**How to complete this task:** Look below for the line containing "move: pr_sum1; rewrite". Output it and each remaining line of the entries exactly, and nothing else.

[Saved data entries]
※

Lemma weights_of_ustar_lt_half :
  0 < ws \/ exists2 i0, 0 < wm i0 & forall i : 'I_I, i = i0.
Proof.
have [ws_gt0|ws_le0] := ltP 0 ws; [by left | right].
have ws0 : ws = 0 by apply/le_anti; rewrite ws_le0 ws_ge0.
have sum_wm_le1 : \sum_i wm i <= 1 by move: weights_sum1 wo_ge0; rewrite ws0; lra.
have := sum_singletons_le_ustar; rewrite ws0 subr0 sumrB sumr_const card_ord => sum_le.
have I_lt2 : (I < 2)%N by rewrite -(ltr_nat R); move: sum_le ustar_lt_half sum_wm_le1; lra.
have all_i0 i : i = Ordinal I_gt0 by apply: val_inj => /=; move: (ltn_ord i); lia.
exists (Ordinal I_gt0) => //.
have I1 : I%:R = 1 :> R by apply/eqP; rewrite pnatr_eq1; lia.
move: sum_le ustar_lt_half; rewrite I1 (bigD1 (Ordinal I_gt0)) //= big1 => [|i]; last first.
  by rewrite (all_i0 i) eqxx.
lra.
Qed.

Lemma Dmarg_single (E : state m) i0 : (forall i : 'I_I, i = i0) ->
  forall k : stratum m, Dmarg E (k i0) = E k.
Proof.
move=> all_i0 k; rewrite /Dmarg (big_pred1 k) // => k' /=.
apply/eqP/eqP => [k'k|-> //]; apply/ffunP => i.
by move: k'k; rewrite (all_i0 i).
Qed.

Lemma lyap_coercive :
  exists2 c, 0 < c & forall E : state m, c * \sum_k (E k)%:~R ^+ 2 <= lyap E.
Proof.
have other_ge0 (E : state m) (P : pred 'I_I) :
    0 <= \sum_(i | P i) wm i * \sum_(l : 'I_(m i)) (Dmarg E l)%:~R ^+ 2.
  by apply: sumr_ge0 => i _; exact: mulr_ge0 (sum_sqr_ge0 _).
case: weights_of_ustar_lt_half => [ws_gt0 | [i0 wm_gt0 all_i0]].
  exists ws => // E; rewrite /lyap lerDr addr_ge0 ?other_ge0 //.
  by rewrite mulr_ge0 ?sqr_ge0.
exists (wm i0) => // E.
have -> : \sum_k (E k)%:~R ^+ 2 = \sum_(l : 'I_(m i0)) (Dmarg E l)%:~R ^+ 2 :> R.
  by rewrite -sum_mul_Dmarg; apply: eq_bigr => k _; rewrite Dmarg_single // expr2.
rewrite /lyap (bigD1 i0) //=.
have := other_ge0 E (fun i => i != i0).
have : 0 <= ws * \sum_k (E k)%:~R ^+ 2 by rewrite mulr_ge0 ?sum_sqr_ge0.
have : 0 <= wo * (Dall E)%:~R ^+ 2 by rewrite mulr_ge0 ?sqr_ge0.
lra.
Qed.

(** * Drift and descent towards a target state *)

Lemma pr_lower_bound : exists2 p0, 0 < p0 & forall k, pr k != 0 -> p0 <= pr k.
Proof.
have [k0 pr_k0] : exists k0, pr k0 != 0.
  case: (pickP (fun k => pr k != 0)) => [k0 pr_k0 | pr0]; first by exists k0.
  move: pr_sum1; rewrite big1 => [/eqP|k _]; first by rewrite eq_sym oner_eq0.
  exact/eqP/negbFE/pr0.
have pr_gt0 k : pr k != 0 -> 0 < pr k by rewrite lt_neqAle eq_sym pr_ge0 andbT.
set S := \sum_(k | pr k != 0) (pr k)^-1.
have inv_le_S k : pr k != 0 -> (pr k)^-1 <= S.
  by move=> prk; rewrite /S (bigD1 k) //= lerDl sumr_ge0 // => k' _; rewrite invr_ge0.
have S_gt0 : 0 < S by apply: lt_le_trans (inv_le_S k0 pr_k0); rewrite invr_gt0 pr_gt0.
exists S^-1 => [|k prk]; first by rewrite invr_gt0.
by rewrite -[pr k]invrK lef_pV2 ?posrE ?invr_gt0 ?pr_gt0 ?inv_le_S.
Qed.

Lemma move_w_lower_bound :
  exists2 eta, 0 < eta & forall x k b, pr k != 0 -> eta <= move_w x (k, b).
Proof.
have [p0 p0_gt0 p0_le] := pr_lower_bound.
exists (p0 * qb) => [|x k b prk]; first exact: mulr_gt0.
rewrite /move_w /trans_w /=; apply: ler_pM; [exact: ltW | exact: ltW | exact: p0_le |].
by have := qb_le_prob1 x k; have := prob1_le_pb x k; case: b; move: pb_qb; lra.
Qed.

Definition dist1 (y x : state m) : nat := \sum_k `|x k - y k|%N.

Lemma dist1_step (y x : state m) k :
  x k != y k -> (dist1 y (step x k (x k < y k)%R)).+1 = dist1 y x.
Proof.
move=> xk_neq; rewrite /dist1 (bigD1 k) //= [in RHS](bigD1 k) //= stepE eqxx.
rewrite (eq_bigr (fun k' => `|x k' - y k'|%N)) => [|k' /negbTE k'k]; last first.
  by rewrite stepE k'k addr0.
by rewrite -addSn; congr (_ + _)%N; case: ltP xk_neq => /= ? ?; lia.
Qed.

※

**Reply:**
  move: pr_sum1; rewrite big1 => [/eqP|k _]; first by rewrite eq_sym oner_eq0.
  exact/eqP/negbFE/pr0.
have pr_gt0 k : pr k != 0 -> 0 < pr k by rewrite lt_neqAle eq_sym pr_ge0 andbT.
set S := \sum_(k | pr k != 0) (pr k)^-1.
have inv_le_S k : pr k != 0 -> (pr k)^-1 <= S.
  by move=> prk; rewrite /S (bigD1 k) //= lerDl sumr_ge0 // => k' _; rewrite invr_ge0.
have S_gt0 : 0 < S by apply: lt_le_trans (inv_le_S k0 pr_k0); rewrite invr_gt0 pr_gt0.
exists S^-1 => [|k prk]; first by rewrite invr_gt0.
by rewrite -[pr k]invrK lef_pV2 ?posrE ?invr_gt0 ?pr_gt0 ?inv_le_S.
Qed.

Lemma move_w_lower_bound :
  exists2 eta, 0 < eta & forall x k b, pr k != 0 -> eta <= move_w x (k, b).
Proof.
have [p0 p0_gt0 p0_le] := pr_lower_bound.
exists (p0 * qb) => [|x k b prk]; first exact: mulr_gt0.
rewrite /move_w /trans_w /=; apply: ler_pM; [exact: ltW | exact: ltW | exact: p0_le |].
by have := qb_le_prob1 x k; have := prob1_le_pb x k; case: b; move: pb_qb; lra.
Qed.

Definition dist1 (y x : state m) : nat := \sum_k `|x k - y k|%N.

Lemma dist1_step (y x : state m) k :
  x k != y k -> (dist1 y (step x k (x k < y k)%R)).+1 = dist1 y x.
Proof.
move=> xk_neq; rewrite /dist1 (bigD1 k) //= [in RHS](bigD1 k) //= stepE eqxx.
rewrite (eq_bigr (fun k' => `|x k' - y k'|%N)) => [|k' /negbTE k'k]; last first.
  by rewrite stepE k'k addr0.
by rewrite -addSn; congr (_ + _)%N; case: ltP xk_neq => /= ? ?; lia.
Qed.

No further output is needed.